(* In the Setting below and under the Standing Assumption, let $x\in\mathbb{Q}\cap D$ be such that the Lyapunov exponent $\lambda(x)$ exists. Then for every $p\in\mathbb{Z}$, $$\sigma(x,p)\ge\frac{\max(0,\lambda(x))}{\ln 2}.$$
   Context: Setting. $D\subseteq\mathbb{R}$ is a compact interval and $f:D\to D$ is twice continuously differentiable on $D$ with $f''$ bounded. For $x\in D$ the orbit is $x_0=x$, $x_{n+1}=f(x_n)$. A floating-point number of precision $m$ is a real $s\cdot 2^{e-m}$ with $s,e\in\mathbb{Z}$, $|s|\le 2^m-1$; $rd_m(y)$ denotes rounding of $y$ to a nearest floating-point number of precision $m$. Let $L(a,e):=\sup\{|f'(y)|: y\in[a-e,a+e]\cap D\}$ and fix a function $\bar L$ with $L(a,e)\le\bar L(a,e)\le\min(\bar L_{max},\,L(a,e)+Ke)$ for constants $\bar L_{max},K\ge0$. For $x\in\mathbb{Q}\cap D$ and precision $m\ge1$ the computed sequence is $\hat x_0=rd_m(x)$, $\bar e_0=2^{-m}|\hat x_0|$, $\hat x_{n+1}=rd_m(f(\hat x_n))$, $\bar e_{n+1}=\bar L(\hat x_n,\bar e_n)\bar e_n+2^{-m}|\hat x_{n+1}|$ (all $\hat x_n$ assumed in $D$). For $N\in\mathbb{N}$, $p\in\mathbb{Z}$, $m_{min}(x,N,p)$ is the least $m\ge1$ such that the sequence computed at precision $m$ satisfies $\bar e_n\le\frac{10^{-p}}{1+10^{-p}}|\hat x_n|$ for all $n=0,\dots,N$. $\sigma(x,p):=\limsup_{N\to\infty} m_{min}(x,N,p)/N$. Standing Assumption: $x_n\ne0$ for all $n$ and $\lim_{N\to\infty}\mathrm{ld}(\min\{|x_n|:0\le n\le N\})/N=0$, $\mathrm{ld}=\log_2$. The Lyapunov exponent is $\lambda(x):=\lim_{n\to\infty}\frac1n\sum_{k=0}^{n-1}\ln|f'(f^k(x))|$ when the limit exists. *)

From Stdlib Require Import Reals Lra Lia ZArith QArith.
Open Scope R_scope.

Definition inD (a b x : R) : Prop := a <= x <= b.

Definition deriv_on_D (a b : R) (g g' : R -> R) : Prop :=
  forall x, inD a b x ->
    forall eps, 0 < eps -> exists delta, 0 < delta /\
      forall y, inD a b y -> y <> x -> Rabs (y - x) < delta ->
        Rabs ((g y - g x) / (y - x) - g' x) < eps.

Definition cont_on_D (a b : R) (g : R -> R) : Prop :=
  forall x, inD a b x ->
    forall eps, 0 < eps -> exists delta, 0 < delta /\
      forall y, inD a b y -> Rabs (y - x) < delta -> Rabs (g y - g x) < eps.

Definition isFloat (m : nat) (y : R) : Prop :=
  exists s e : Z, (Z.abs s <= 2 ^ Z.of_nat m - 1)%Z /\
                  y = IZR s * powerRZ 2 (e - Z.of_nat m).

Definition is_rounding (rd : nat -> R -> R) : Prop :=
  forall m y, (1 <= m)%nat ->
    isFloat m (rd m y) /\
    forall z, isFloat m z -> Rabs (rd m y - y) <= Rabs (z - y).

Definition Lset (a b : R) (f' : R -> R) (c e : R) (v : R) : Prop :=
  exists y, c - e <= y <= c + e /\ inD a b y /\ v = Rabs (f' y).

Definition is_Lbar (a b : R) (f' : R -> R) (Lbar : R -> R -> R)
  (Lmax K : R) : Prop :=
  forall c e, inD a b c -> 0 <= e ->
    forall L, is_lub (Lset a b f' c e) L ->
      L <= Lbar c e /\ Lbar c e <= Rmin Lmax (L + K * e).

Fixpoint comp_seq (f : R -> R) (rd : nat -> R -> R) (Lbar : R -> R -> R)
  (m : nat) (x : R) (n : nat) : R * R :=
  match n with
  | O => (rd m x, / 2 ^ m * Rabs (rd m x))
  | S k => let (xh, eb) := comp_seq f rd Lbar m x k in
           let xh' := rd m (f xh) in
           (xh', Lbar xh eb * eb + / 2 ^ m * Rabs xh')
  end.

Definition xhat f rd Lbar m x n := fst (comp_seq f rd Lbar m x n).
Definition ebar f rd Lbar m x n := snd (comp_seq f rd Lbar m x n).

(** Precision m is sufficient for N steps and p digits. *)
Definition good f rd Lbar (x : R) (N : nat) (p : Z) (m : nat) : Prop :=
  forall n, (n <= N)%nat ->
    ebar f rd Lbar m x n <=
      powerRZ 10 (- p) / (1 + powerRZ 10 (- p)) * Rabs (xhat f rd Lbar m x n).

Definition is_mmin f rd Lbar (x : R) (N : nat) (p : Z) (m : nat) : Prop :=
  (1 <= m)%nat /\ good f rd Lbar x N p m /\
  forall m', (1 <= m')%nat -> good f rd Lbar x N p m' -> (m <= m')%nat.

## Goal of the exercise
Copy the line containing "Lbar m x k in" exactly. Then copy every line after it through the end of the listing, and nothing more.

## Expected output
  | S k => let (xh, eb) := comp_seq f rd Lbar m x k in
           let xh' := rd m (f xh) in
           (xh', Lbar xh eb * eb + / 2 ^ m * Rabs xh')
  end.

Definition xhat f rd Lbar m x n := fst (comp_seq f rd Lbar m x n).
Definition ebar f rd Lbar m x n := snd (comp_seq f rd Lbar m x n).

(** Precision m is sufficient for N steps and p digits. *)
Definition good f rd Lbar (x : R) (N : nat) (p : Z) (m : nat) : Prop :=
  forall n, (n <= N)%nat ->
    ebar f rd Lbar m x n <=
      powerRZ 10 (- p) / (1 + powerRZ 10 (- p)) * Rabs (xhat f rd Lbar m x n).

Definition is_mmin f rd Lbar (x : R) (N : nat) (p : Z) (m : nat) : Prop :=
  (1 <= m)%nat /\ good f rd Lbar x N p m /\
  forall m', (1 <= m')%nat -> good f rd Lbar x N p m' -> (m <= m')%nat.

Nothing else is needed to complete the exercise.